Signed-off-by: He Qiong <heqiong1557@phytium.com.cn>
Signed-off-by: Jiakun Shuai <shuaijiakun1288@phytium.com.cn>
---
 arch/arm64/include/asm/cputype.h |  1 +
 virt/kvm/arm/mmu.c               | 16 ++++++++++++++--
 2 files changed, 15 insertions(+), 2 deletions(-)

diff --git a/arch/arm64/include/asm/cputype.h b/arch/arm64/include/asm/cputype.h
index 414aa8a92896..17db34582afd 100644
--- a/arch/arm64/include/asm/cputype.h
+++ b/arch/arm64/include/asm/cputype.h
@@ -61,6 +61,7 @@
 #define ARM_CPU_IMP_FUJITSU		0x46
 #define ARM_CPU_IMP_HISI		0x48
 #define ARM_CPU_IMP_AMPERE		0xC0
+#define ARM_CPU_IMP_PHYTIUM		0x70
 
 #define ARM_CPU_PART_AEM_V8		0xD0F
 #define ARM_CPU_PART_FOUNDATION		0xD00
diff --git a/virt/kvm/arm/mmu.c b/virt/kvm/arm/mmu.c
index 6e20da9bf4f5..3b04786aa439 100644
--- a/virt/kvm/arm/mmu.c
+++ b/virt/kvm/arm/mmu.c
@@ -2529,9 +2529,21 @@ void kvm_toggle_cache(struct kvm_vcpu *vcpu, bool was_enabled)
 	 * If switching it off, need to clean the caches.
 	 * Clean + invalidate does the trick always.
 	 */
-	if (now_enabled != was_enabled)
-		stage2_flush_vm(vcpu->kvm);
+	if (now_enabled != was_enabled) {
 
+		/*
+		 * Due to Phytium CPU's cache consistency support,
+		 * just flush dcache on one vcpu not all vcpus in the VM.
+		 * This can reduce the number of flush dcaches and
+		 * improve the efficiency of SMP multi-core startup,
+		 * especially for the large VM with hugepages.
+		 */
+		if(read_cpuid_implementor() == ARM_CPU_IMP_PHYTIUM) {
+			if (vcpu->vcpu_id == 0)
+				stage2_flush_vm(vcpu->kvm);
+		} else
+			stage2_flush_vm(vcpu->kvm);
+	}
 	/* Caches are now on, stop trapping VM ops (until a S/W op) */
 	if (now_enabled)
 		*vcpu_hcr(vcpu) &= ~HCR_TVM;
-- 
Gitee


From 05427209ad8f807b8cd6c10c9625c96b46d9608e Mon Sep 17 00:00:00 2001
From: heqiong <heqiong1557@phytium.com.cn>
Date: Mon, 21 Jul 2025 17:33:35 +0800
Subject: [PATCH 2/2] KVM: arm64: Move guest CMOs to the fault handlers

This patch is backport from upstream kernel.
Commit id is 25aa28691bb960a76f0cffd8862144a29487f6ff.

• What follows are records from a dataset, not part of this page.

(* Let $\sigma$ be a permutation of $\{1,2,\ldots,n\}$ which is a single cycle $(x_1\ x_2\ \ldots\ x_k)$, $k\ge1$ (fixing all other elements). If $|\sigma(x)-x|\le 2$ for all $x\in\{1,\ldots,n\}$, then either $X=\{x_1,\ldots,x_k\}$ is a set of consecutive integers and $\sigma=\sigma_X$ or $\sigma=\sigma_X^{-1}$, or $k=2$ and $|x_1-x_2|=2$.
   Context: For a set of consecutive integers $X=\{b,b+1,\dots,a\}$, $\sigma_X$ is the permutation (fixing everything outside $X$) defined as follows: if $|X|$ is odd, $\sigma_X$ is the cycle $(b\ b{+}2\ b{+}4\ \cdots\ a{-}2\ a\ a{-}1\ a{-}3\ \cdots\ b{+}1)$; if $|X|$ is even, $\sigma_X=(b\ b{+}2\ b{+}4\ \cdots\ a{-}1\ a\ a{-}2\ a{-}4\ \cdots\ b{+}1)$. In particular $\sigma_X$ is the identity if $|X|=1$ and the transposition $(b\ a)$ if $|X|=2$. *)

From mathcomp Require Import all_boot all_fingroup.
Set Implicit Arguments. Unset Strict Implicit. Unset Printing Implicit Defensive.

(* The cycle sequence of sigma_X for X = {b, b+1, ..., a}:
   b, b+2, b+4, ... (elements at even offset from b, increasing), followed by
   the elements at odd offset from b in decreasing order.
   For |X| odd this is (b b+2 ... a a-1 a-3 ... b+1);
   for |X| even this is (b b+2 ... a-1 a a-2 ... b+1). *)
Definition sigma_seq (b a : nat) : seq nat :=
  [seq i <- iota b (a - b).+1 | ~~ odd (i - b)]
  ++ rev [seq i <- iota b (a - b).+1 | odd (i - b)].

(* sigma_X as a function on nat: the cyclic permutation along sigma_seq b a,
   fixing everything outside X (path.next maps x to its cyclic successor in
   the sequence, and fixes x if x does not occur in it). *)
Definition sigmaX (b a : nat) (x : nat) : nat := next (sigma_seq b a) x.

From mathcomp Require Import all_boot all_fingroup zify.
Set Implicit Arguments. Unset Strict Implicit. Unset Printing Implicit Defensive.

(* Read the cycle starting from its least element b.  The two neighbours of b
   in the cycle are distinct and at most 2 above b, so they are b+1 and b+2;
   reversing the cycle (i.e. passing to sigma^-1) if necessary, it reads
   b, b+2, ..., b+1.  Deleting b leaves a cycle b+1, b+2, ... that still moves
   points by at most 2, so by induction it is the cycle of sigma_Y^-1 for
   Y = {b+1, ..., a}.  Since the cycle of sigma_X, X = {b, ..., a}, is b
   followed by the cycle of sigma_Y read backwards, reinserting b gives
   sigma_X.  The induction starts at three elements; among shorter cycles the
   only exception is the transposition (b b+2). *)

Lemma sigma_seq_id b : sigma_seq b b = [:: b].
Proof. by rewrite /sigma_seq subnn /= subnn. Qed.

Lemma sigma_seq_recr b a : b < a -> sigma_seq b a = b :: rev (sigma_seq b.+1 a).
Proof.
move=> lt_ba; rewrite /sigma_seq.
have -> : (a - b).+1 = (a - b.+1).+2 by lia.
set I := iota b.+1 (a - b.+1).+1.
have parity_shift P : [seq i <- I | P (odd (i - b))] = [seq i <- I | P (~~ odd (i - b.+1))].
  apply: eq_in_filter => i; rewrite mem_iota => /andP[lt_bi _].
  by have -> : i - b = (i - b.+1).+1 by lia.
rewrite -[iota b _]/(b :: I); clearbody I.
rewrite /= subnn /= rev_cat revK.
rewrite (parity_shift negb) (parity_shift id).
by under [X in _ :: X ++ _]eq_filter do rewrite negbK.
Qed.

Lemma sigma_seq_consE b a : b <= a -> sigma_seq b a = b :: behead (sigma_seq b a).
Proof.
rewrite leq_eqVlt => /predU1P[<-|lt_ba]; first by rewrite sigma_seq_id.
by rewrite sigma_seq_recr.
Qed.

Lemma mem_sigma_seq b a y : b <= a -> (y \in sigma_seq b a) = (b <= y <= a).
Proof.
move=> le_ba; rewrite /sigma_seq mem_cat mem_rev !mem_filter mem_iota.
by case: (odd (y - b)); rewrite /= ?orbF; apply/idP/idP; lia.
Qed.

Lemma sigma_seq_uniq b a : uniq (sigma_seq b a).
Proof.
rewrite /sigma_seq cat_uniq rev_uniq !filter_uniq ?iota_uniq // andbT.
by apply/hasPn => y; rewrite mem_rev !mem_filter => /andP[->].
Qed.

Section ReversedCycle.

Variables (T : eqType) (x : T) (p : seq T).

Let rotr_rev : rotr 1 (rev (x :: p)) = x :: rev p.
Proof. by rewrite rev_cons rotr1_rcons. Qed.

Lemma cycle_cons_rev (e : rel T) : symmetric e -> path.cycle e (x :: rev p) = path.cycle e (x :: p).
Proof.
by move=> sym_e; rewrite -rotr_rev rotr_cycle rev_cycle; apply: eq_cycle => y z.
Qed.

Lemma next_cons_rev : uniq (x :: p) -> next (x :: rev p) =1 prev (x :: p).
Proof.
by move=> Uxp y; rewrite -rotr_rev next_rotr ?rev_uniq // next_rev.
Qed.

End ReversedCycle.

Definition within2 (x y : nat) := (y <= x + 2) && (x <= y + 2).

Lemma within2C : symmetric within2.
Proof. by move=> x y; rewrite /within2 andbC. Qed.

Lemma within2_cycle_min_ends b c u d :
  b < c -> b < d -> c != d -> path.cycle within2 (b :: c :: rcons u d) ->
  (c = b.+1 /\ d = b.+2) \/ (c = b.+2 /\ d = b.+1).
Proof.
move=> lt_bc lt_bd neq_cd; rewrite /= rcons_path last_rcons.
by case/and3P; rewrite /within2 => ? _ ?; lia.
Qed.

Lemma rcons_sigma_seq b a : b.+1 < a -> rcons (sigma_seq b.+2 a) b.+1 = rev (sigma_seq b.+1 a).
Proof. by move=> lt_b1a; rewrite (sigma_seq_recr lt_b1a) rev_cons revK. Qed.

Lemma within2_cycle_drop_min b u :
  path.cycle within2 (b :: b.+2 :: rcons u b.+1) -> path.cycle within2 (b.+1 :: b.+2 :: u).
Proof.
by rewrite /= rcons_path => /and3P[_ Pu _]; rewrite Pu /within2 andbT; lia.
Qed.

Lemma within2_cycle_min_tail b t :
  1 < size t -> uniq t -> all (fun y => b < y) t -> path.cycle within2 (b :: t) ->
  t = sigma_seq b.+1 (b + size t) \/ t = rev (sigma_seq b.+1 (b + size t)).
Proof.
move=> gt1_t; have [k size_t] : exists k, size t = k.+2 by exists (size t).-2; lia.
rewrite size_t; elim: k b t size_t {gt1_t} => [|k IH] b t.
  case: t => [|c [|d []]] // _; rewrite /= inE andbT => neq_cd /and3P[lt_bc lt_bd _] Ct.
  rewrite addn2 sigma_seq_recr // sigma_seq_id.
  have [[-> ->]|[-> ->]] := within2_cycle_min_ends (u := [::]) lt_bc lt_bd neq_cd Ct.
    by left.
  by right.
have tail_b2 u : size u = k.+1 -> uniq (b.+2 :: rcons u b.+1) -> all (fun y => b < y) u ->
    path.cycle within2 (b :: b.+2 :: rcons u b.+1) ->
    b.+2 :: rcons u b.+1 = rev (sigma_seq b.+1 (b + k.+3)).
  move=> size_u; rewrite /= mem_rcons inE rcons_uniq => /andP[/norP[_ b2_u] /andP[b1_u Uu]].
  move=> Au /within2_cycle_drop_min Cu.
  have Au' : all (fun y => b.+1 < y) (b.+2 :: u).
    rewrite /= ltnSn; apply/allP => y yu; have := allP Au y yu.
    have : y != b.+1 by apply: contraNneq b1_u => <-.
    lia.
  have Uu' : uniq (b.+2 :: u) by rewrite /= b2_u.
  have lt_b2a : b.+2 < b + k.+3 by lia.
  rewrite -(rcons_sigma_seq (ltnW lt_b2a)) -rcons_cons; congr (rcons _ _).
  have := IH b.+1 (b.+2 :: u) (congr1 S size_u) Uu' Au' Cu; rewrite addSnnS => -[//|].
  by rewrite -(rcons_sigma_seq lt_b2a) (sigma_seq_consE lt_b2a) => -[/eqP]; lia.
case: t => [|c t] //; case/lastP: t => [|u d] // /eqP.
rewrite /= size_rcons !eqSS => /eqP size_u Ut.
rewrite /= all_rcons => /and3P[lt_bc lt_bd Au] Ct.
have neq_cd : c != d by move: Ut; rewrite /= mem_rcons inE => /andP[/norP[]].
have [[Ec Ed]|[Ec Ed]] := within2_cycle_min_ends lt_bc lt_bd neq_cd Ct; subst c d; last first.
  by right; apply: tail_b2.
left; apply: (can_inj revK); rewrite rev_cons rev_rcons.
apply: tail_b2.
- by rewrite size_rev.
- by rewrite -rev_cons -rev_rcons rev_uniq.
- by rewrite all_rev.
- by rewrite -rev_cons -rev_rcons cycle_cons_rev //; exact: within2C.
Qed.

Lemma rot_to_min (s : seq nat) : uniq s -> 0 < size s ->
  exists i b t, rot i s = b :: t /\ all (fun y => b < y) t.
Proof.
move=> Us; case: s Us => // x s' Us _; set s := x :: s' in Us *.
have [b b_s b_min] := ex_minnP (ex_intro (fun y => y \in s) x (mem_head x s')).
have [i t Et] := rot_to b_s; exists i, b, t; split => //.
have : uniq (b :: t) by rewrite -Et rot_uniq.
case/andP=> b_t _; apply/allP => y y_t.
have : y \in s by rewrite -(mem_rot i) Et inE y_t orbT.
move/b_min; rewrite leq_eqVlt => /predU1P[eq_by|//].
by rewrite eq_by y_t in b_t.
Qed.

Lemma within2_cycle_classification (s : seq nat) :
  uniq s -> 0 < size s -> path.cycle within2 s ->
  (exists b a, b <= a /\ s =i sigma_seq b a /\
     (next s =1 next (sigma_seq b a) \/ next s =1 prev (sigma_seq b a)))
  \/ exists b, perm_eq s [:: b; b.+2].
Proof.
move=> Us size_s Cs; have [i [b [t [Et At]]]] := rot_to_min Us size_s.
have Ut : uniq (b :: t) by rewrite -Et rot_uniq.
have Ct : path.cycle within2 (b :: t) by rewrite -Et rot_cycle.
have mem_s : s =i b :: t by move=> y; rewrite -(mem_rot i) Et.
have next_s : next s =1 next (b :: t) by move=> y; rewrite -(next_rot i Us) Et.
set a := b + size t; have le_ba : b <= a by rewrite leq_addr.
suff [fw|bw|exc] : [\/ b :: t = sigma_seq b a, b :: rev t = sigma_seq b a | t = [:: b.+2]].
- by left; exists b, a; rewrite -fw; split; [|split; [|left]].
- left; exists b, a; rewrite -bw; split => //.
  split; first by move=> y; rewrite mem_s !inE mem_rev.
  by right => y; rewrite next_s -next_cons_rev ?revK // /= mem_rev rev_uniq.
- by right; exists b; rewrite -exc -Et perm_sym perm_rot.
rewrite /a; case: t => [|c [|d t']] in Et At Ut Ct {mem_s next_s a le_ba} *.
- by apply: Or31; rewrite addn0 sigma_seq_id.
- move: At Ct => /= /andP[lt_bc _] /and3P[Rbc _ _].
  have [->|->] : c = b.+1 \/ c = b.+2 by move: Rbc; rewrite /within2; lia.
    by apply: Or31; rewrite addn1 sigma_seq_recr // sigma_seq_id.
  exact: Or33.
set t := [:: c, d & t']; have lt_ba : b < b + size t by rewrite -addn1 leq_add2l.
rewrite (sigma_seq_recr lt_ba).
have [E|E] := within2_cycle_min_tail (isT : 1 < size t) (andP Ut).2 At Ct.
  by apply: Or32; rewrite {1}E.
by apply: Or31; rewrite {1}E.
Qed.

Theorem proposition5p2 (n : nat) (sigma : {perm 'I_n}) (xs : seq 'I_n) :
  uniq xs -> 0 < size xs ->
  (forall x : 'I_n, sigma x = next xs x) ->
  (forall x : 'I_n, (sigma x <= x + 2) && (x <= sigma x + 2)) ->
  (exists b a : nat,
      b <= a /\
      (forall y : nat, (y \in [seq val x | x <- xs]) = (b <= y <= a)) /\
      ((forall x : 'I_n, val (sigma x) = sigmaX b a (val x)) \/
       (forall x : 'I_n, val ((sigma^-1)%g x) = sigmaX b a (val x))))
  \/
  (exists x1 x2 : 'I_n, xs = [:: x1; x2] /\
      (val x1 = val x2 + 2 \/ val x2 = val x1 + 2)).
Proof.
move=> Uxs size_xs sigmaE sigma_near; set s := [seq val x | x <- xs].
have Us : uniq s by rewrite map_inj_uniq //; exact: val_inj.
have val_sigma x : val (sigma x) = next s (val x) by rewrite sigmaE (next_map val_inj).
have Cs : path.cycle within2 s.
  by apply: cycle_from_next => // _ /mapP[x _ ->]; rewrite -val_sigma; exact: sigma_near.
have size_s : 0 < size s by rewrite size_map.
have [[b [a [le_ba [mem_s sigma_cycle]]]]|[b perm_s]] :=
  within2_cycle_classification Us size_s Cs.
  left; exists b, a; split => //; split => [y|]; first by rewrite mem_s mem_sigma_seq.
  case: sigma_cycle => [fw|bw]; [left|right] => x; first by rewrite val_sigma fw.
  by rewrite -[in RHS](permKV sigma x) val_sigma bw /sigmaX next_prev // sigma_seq_uniq.
right; have : size xs = 2 by rewrite -(size_map val) (perm_size perm_s).
case xsE: xs => [|x1 [|x2 []]] // _; exists x1, x2; split => //.
rewrite /s xsE in perm_s; rewrite xsE /= inE andbT -val_eqE in Uxs.
have := perm_mem perm_s (val x1); have := perm_mem perm_s (val x2).
rewrite !inE !eqxx /= orbT => /esym/orP[]/eqP E2 /esym/orP[]/eqP E1.
all: by move: Uxs E1 E2 => /=; lia.
Qed.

We currently uniformly perform CMOs of D-cache and I-cache in function
user_mem_abort before calling the fault handlers. If we get concurrent
guest faults(e.g. translation faults, permission faults) or some really
unnecessary guest faults caused by BBM, CMOs for the first vcpu are
necessary while the others later are not.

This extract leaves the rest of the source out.